◆ Collected data entries
****************************************

Definition inH (alpha : k) (h : 'M[k]_4) : Prop :=
  exists a b c d : k * k,
    let det := Ksub (Kmul alpha a d) (Kmul alpha b c) in
    det.2 = 0 /\ det.1 != 0 /\ h = embH alpha a b c d.

End GSp.

(* Let x = g^-1 e1 and y = g^-1 e2 be the first two columns of g^-1, and view
   k^4 as K^2 through the embedding of H.  Since alpha is not a square, the norm
   form a1^2 - alpha a2^2 is anisotropic, so every nonzero vector of K^2 is the
   first column of some element of H: H is transitive on nonzero vectors, and
   g h lies in Q as soon as h e1 = x.  For the Siegel parabolic, let h be the
   K-matrix with columns x and y.  The sqrt(alpha)-part of its determinant is the
   symplectic pairing of x and y, which vanishes, so det h lies in k.  If
   det h <> 0, then h is in H and g h s2^-1 fixes e1 and e2, so g lies in P s2 H.
   If det h = 0, the columns of h are pairwise orthogonal; any h' in H with
   h' e1 = x shares its second column with h, so g h' fixes e1 and maps e2 into
   L0, and g lies in P H.  Finally P s2 does not meet H: an element of H sending
   e1 and e2* into L0 has a zero third row. *)

From mathcomp Require Import all_boot all_order all_algebra.
From mathcomp Require Import ring.
Import GRing.Theory.
Local Open Scope ring_scope.
Set Implicit Arguments. Unset Strict Implicit.

Lemma sum_ord4 (V : nmodType) (F : 'I_4 -> V) :
  \sum_i F i = F 0 + F 1 + F 2 + F 3.
Proof.
rewrite !big_ord_recr big_ord0 /= GRing.add0r.
by congr (_ + _ + _ + _); congr F; apply: val_inj.
Qed.

Lemma ord4_ind (P : 'I_4 -> Prop) : P 0 -> P 1 -> P 2 -> P 3 -> forall i, P i.
Proof.
move=> P0 P1 P2 P3 [[|[|[|[|//]]]] i4];
  [move: P0 | move: P1 | move: P2 | move: P3]; congr P; exact: val_inj.
Qed.

Ltac expand_entries := rewrite !mxE ?sum_ord4 ?mxE ?sum_ord4 ?mxE /=.

Ltac mx4_entries :=
  apply/matrixP; let i := fresh "i" in let j := fresh "j" in
  intros i j; expand_entries; revert i j; apply: ord4_ind; apply: ord4_ind => /=.

Section UnitMatrices.
Variable R : comUnitRingType.

Lemma col_mulmx m n p (A : 'M[R]_(m, n)) (B : 'M_(n, p)) j :
  col j (A *m B) = A *m col j B.
Proof. by rewrite !colE mulmxA. Qed.

Lemma mulmx_col_invmx n (g : 'M[R]_n) j : g \in unitmx ->
  g *m col j (invmx g) = col j 1%:M.
Proof. by move=> gu; rewrite -col_mulmx mulmxV. Qed.

Lemma row_unitmx_neq0 n (X : 'M[R]_n) i : X \in unitmx -> row i X != 0.
Proof.
move=> Xu; apply/eqP => /(congr1 (mulmx^~ (invmx X))).
rewrite -row_mul mulmxV // mul0mx row1 => /matrixP/(_ 0 i).
by rewrite !mxE !eqxx => /eqP; rewrite oner_eq0.
Qed.

Lemma col_unitmx_neq0 n (X : 'M[R]_n) j : X \in unitmx -> col j X != 0.
Proof.
by move=> Xu; rewrite -[X]trmxK -tr_row trmx_eq0 row_unitmx_neq0 // unitmx_tr.
Qed.

End UnitMatrices.

Section Stabilizers.
Variable k : fieldType.

Lemma stabilizesE m (p : 'M[k]_4) (X : 'M_(m, 4)) : p \in unitmx ->
  stabilizes p X = (X *m p^T <= X)%MS.
Proof.
move=> pu; apply/idP/idP => [/andP[] // | sub].
by rewrite /stabilizes sub /= -(mxrank_leqif_sup sub).2 mxrankMfree // row_free_unit unitmx_tr.
Qed.

Lemma stabilizes_mul m (p q : 'M[k]_4) (X : 'M_(m, 4)) :
  stabilizes p X -> stabilizes q X -> stabilizes (p *m q) X.
Proof.
move=> /eqmxP sp /eqmxP sq; apply/eqmxP.
by rewrite trmx_mul mulmxA; apply: eqmx_trans (eqmxMr _ sq) sp.
Qed.

Lemma stabilizes_inv m (p : 'M[k]_4) (X : 'M_(m, 4)) : p \in unitmx ->
  stabilizes p X -> stabilizes (invmx p) X.
Proof.
move=> pu /eqmxP sp; apply/eqmxP.
have XpK : X *m p^T *m (invmx p)^T = X by rewrite -mulmxA -trmx_mul mulVmx // trmx1 mulmx1.
by apply: eqmx_trans (eqmxMr _ (eqmx_sym sp)) _; rewrite XpK.
Qed.

Lemma stabilizes_evec (q : 'M[k]_4) i : col i q = col i 1%:M -> stabilizes q (evec k i).
Proof.
by rewrite /stabilizes /evec -rowE -tr_col => ->; rewrite col1 trmx_delta; apply/eqmxP.
Qed.

Lemma col_L0mx (j : 'I_4) : j != 0 -> j != 1 -> col j (L0mx k) = 0.
Proof.
move=> j0 j1; rewrite /L0mx (@col_col_mx _ 1 1) -(@col_mx0 _ 1 1).
by f_equal; apply/matrixP => i l; rewrite !mxE ?(negPf j0) ?(negPf j1) andbF.
Qed.

Lemma sub_L0mx (v : 'cV[k]_4) : (v^T <= L0mx k)%MS = (v 2 0 == 0) && (v 3 0 == 0).
Proof.
have -> : v 2 0 = v^T 0 2 by rewrite mxE.
have -> : v 3 0 = v^T 0 3 by rewrite mxE.
set r := v^T; apply/idP/andP => [/submxP [D ->] | [/eqP r2 /eqP r3]].
  have DL0_0 (j : 'I_4) : j != 0 -> j != 1 -> (D *m L0mx k) 0 j = 0.
    move=> j0 j1; have -> : (D *m L0mx k) 0 j = col j (D *m L0mx k) 0 0 by rewrite [RHS]mxE.
    by rewrite col_mulmx col_L0mx // mulmx0 mxE.
  by rewrite !DL0_0.
rewrite [r]row_sum_delta sum_ord4 r2 r3 !scale0r !addr0 /L0mx.
by rewrite -(addsmxE (evec k 0) (evec k 1)) addmx_sub // scalemx_sub // ?addsmxSl ?addsmxSr.
Qed.

Lemma stabilizes_L0mx (p : 'M[k]_4) : p \in unitmx ->
  stabilizes p (L0mx k) = ((col 0 p)^T <= L0mx k)%MS && ((col 1 p)^T <= L0mx k)%MS.
Proof.
move=> pu; rewrite stabilizesE // (@mul_col_mx _ 1 1) (@col_mx_sub _ 1 1).
by rewrite /evec -!rowE !tr_col.
Qed.

End Stabilizers.

Section Similitudes.
Variable k : fieldType.

Definition sform m n (A : 'M[k]_(4, m)) (B : 'M[k]_(4, n)) : 'M[k]_(m, n) :=
  A^T *m Jmx k *m B.

Lemma sform_col m n (A : 'M[k]_(4, m)) (B : 'M[k]_(4, n)) i j :
  sform A B i j = sform (col i A) (col j B) 0 0.
Proof. by rewrite /sform tr_col -row_mul -col_mulmx -row_mul !mxE. Qed.

Lemma sform_mulmx (g : 'M[k]_4) (l : k) m n (A : 'M_(4, m)) (B : 'M_(4, n)) :
  sform g g = l *: Jmx k -> sform (g *m A) (g *m B) = l *: sform A B.
Proof.
rewrite /sform => gJ; rewrite trmx_mul -!mulmxA (mulmxA g^T) (mulmxA _ g) gJ.
by rewrite -scalemxAl -scalemxAr !mulmxA.
Qed.

Lemma sform_e0 (v : 'cV[k]_4) : sform (col 0 1%:M) v 0 0 = v 2 0.
Proof. by expand_entries; ring. Qed.

Lemma sform_e1 (v : 'cV[k]_4) : sform (col 1 1%:M) v 0 0 = v 3 0.
Proof. by expand_entries; ring. Qed.

Lemma Jmx_mulmx_Jmx : Jmx k *m Jmx k = - 1%:M.
Proof. by mx4_entries; ring. Qed.

Lemma sform_unitmx (g : 'M[k]_4) (l : k) : l != 0 -> sform g g = l *: Jmx k ->
  g \in unitmx.
Proof.
move=> l0 gJ; suff /mulmx1_unit[] : - l^-1 *: (Jmx k *m g^T *m Jmx k) *m g = 1%:M by [].
rewrite -scalemxAl -!mulmxA (mulmxA g^T) -/(sform g g) gJ -scalemxAr Jmx_mulmx_Jmx.
by rewrite scalerA mulNr mulVf // scaleN1r opprK.
Qed.

Lemma sform_GSp4 (g : 'M[k]_4) (l : k) : l != 0 -> sform g g = l *: Jmx k -> inGSp4 g.
Proof. by move=> l0 gJ; split; [exact: sform_unitmx gJ | exists l]. Qed.

Lemma GSp4_sform (g : 'M[k]_4) : inGSp4 g -> exists2 l, l != 0 & sform g g = l *: Jmx k.
Proof. by case=> _ [l [l0 gJ]]; exists l. Qed.

Lemma GSp4_mul (g h : 'M[k]_4) : inGSp4 g -> inGSp4 h -> inGSp4 (g *m h).
Proof.
case/GSp4_sform=> l l0 gJ /GSp4_sform[m m0 hJ].
by apply: (sform_GSp4 (mulf_neq0 l0 m0)); rewrite (sform_mulmx _ _ gJ) hJ scalerA.
Qed.

Lemma GSp4_inv (g : 'M[k]_4) : inGSp4 g -> inGSp4 (invmx g).
Proof.
case/GSp4_sform=> l l0 gJ; apply: (sform_GSp4 (invr_neq0 l0)).
have := sform_mulmx (invmx g) (invmx g) gJ; rewrite mulmxV ?(sform_unitmx l0 gJ) //.
move/(congr1 (fun M => l^-1 *: M)).
by rewrite scalerA mulVf // scale1r /sform trmx1 mul1mx mulmx1 => <-.
Qed.

Lemma s2_GSp4 : inGSp4 (s2 k).
Proof.
apply: (sform_GSp4 (oner_neq0 k)).
by rewrite scale1r; mx4_entries; ring.
Qed.

Lemma col0_mulmx_s2 (M : 'M[k]_4) : col 0 (M *m s2 k) = col 0 M.
Proof. by apply/matrixP => i j; expand_entries; ring. Qed.

Lemma col3_mulmx_s2 (M : 'M[k]_4) : col 3 (M *m s2 k) = col 1 M.
Proof. by apply/matrixP => i j; expand_entries; ring. Qed.

End Similitudes.

Section EmbeddedH.
Variables (k : fieldType) (alpha : k).
Hypothesis alpha_neq0 : alpha != 0.

Definition Kadd (x y : k * k) : k * k := (x.1 + y.1, x.2 + y.2).
Definition Kopp (x : k * k) : k * k := (- x.1, - x.2).
Definition Kscale (e : k) (x : k * k) : k * k := (e * x.1, e * x.2).
Definition Hdet (a b c d : k * k) : k * k := Ksub (Kmul alpha a d) (Kmul alpha b c).

Definition Jmx_alpha : 'M[k]_4 :=
  \matrix_(i < 4, j < 4)
   nth 0 (nth [::]
     [:: [:: 0; 0; 0; 1]; [:: 0; 0; alpha; 0]; [:: 0; - alpha; 0; 0]; [:: -1; 0; 0; 0]] i) j.

Lemma inH_embH a b c d : (Hdet a b c d).2 = 0 -> (Hdet a b c d).1 != 0 ->
  inH alpha (embH alpha a b c d).
Proof. by move=> d2 d1; exists a, b, c, d. Qed.

Lemma inHP h : inH alpha h ->
  exists a b c d,
    [/\ (Hdet a b c d).2 = 0, (Hdet a b c d).1 != 0 & h = embH alpha a b c d].
Proof. by case=> a [b [c [d [d2 [d1 ->]]]]]; exists a, b, c, d. Qed.

Lemma embH_mul a b c d a' b' c' d' :
  embH alpha a b c d *m embH alpha a' b' c' d' =
  embH alpha (Kadd (Kmul alpha a a') (Kmul alpha b c')) (Kadd (Kmul alpha a b') (Kmul alpha b d'))
             (Kadd (Kmul alpha c a') (Kmul alpha d c')) (Kadd (Kmul alpha c b') (Kmul alpha d d')).
Proof. by mx4_entries; field. Qed.

Lemma Hdet_mul a b c d a' b' c' d' :
  Hdet (Kadd (Kmul alpha a a') (Kmul alpha b c')) (Kadd (Kmul alpha a b') (Kmul alpha b d'))
       (Kadd (Kmul alpha c a') (Kmul alpha d c')) (Kadd (Kmul alpha c b') (Kmul alpha d d')) =
  Kmul alpha (Hdet a b c d) (Hdet a' b' c' d').
Proof. by rewrite /Hdet /Ksub /Kmul /Kadd /=; congr pair; ring. Qed.

Lemma embH_mul_adj a b c d :
  embH alpha a b c d *m embH alpha d (Kopp b) (Kopp c) a =
  embH alpha (Hdet a b c d) (0, 0) (0, 0) (Hdet a b c d).
Proof. by rewrite embH_mul /Hdet /Kadd /Ksub /Kmul /Kopp /=; congr embH; congr pair; ring. Qed.

Lemma embH_scalar_mx (e : k) : embH alpha (e, 0) (0, 0) (0, 0) (e, 0) = e%:M.
Proof. by mx4_entries; rewrite ?mul0r ?mulr0 ?mulr1n ?mulr0n. Qed.

Lemma scale_embH e a b c d :
  e *: embH alpha a b c d = embH alpha (Kscale e a) (Kscale e b) (Kscale e c) (Kscale e d).
Proof. by mx4_entries; field. Qed.

Lemma Hdet_scale_adj e a b c d :
  Hdet (Kscale e d) (Kscale e (Kopp b)) (Kscale e (Kopp c)) (Kscale e a) =
  Kscale (e ^+ 2) (Hdet a b c d).
Proof. by rewrite /Hdet /Ksub /Kmul /Kscale /Kopp /=; congr pair; ring. Qed.

Lemma embH_sform a b c d :
  sform (embH alpha a b c d) (embH alpha a b c d) =
  (Hdet a b c d).1 *: Jmx k + (Hdet a b c d).2 *: Jmx_alpha.
Proof. by mx4_entries; field. Qed.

****************************************

◆ EXERCISE DESCRIPTION
On how many lines of the data does the word "matrixP" appear? Reply with the number alone.

◆ SOLUTION FOR THIS EXERCISE
5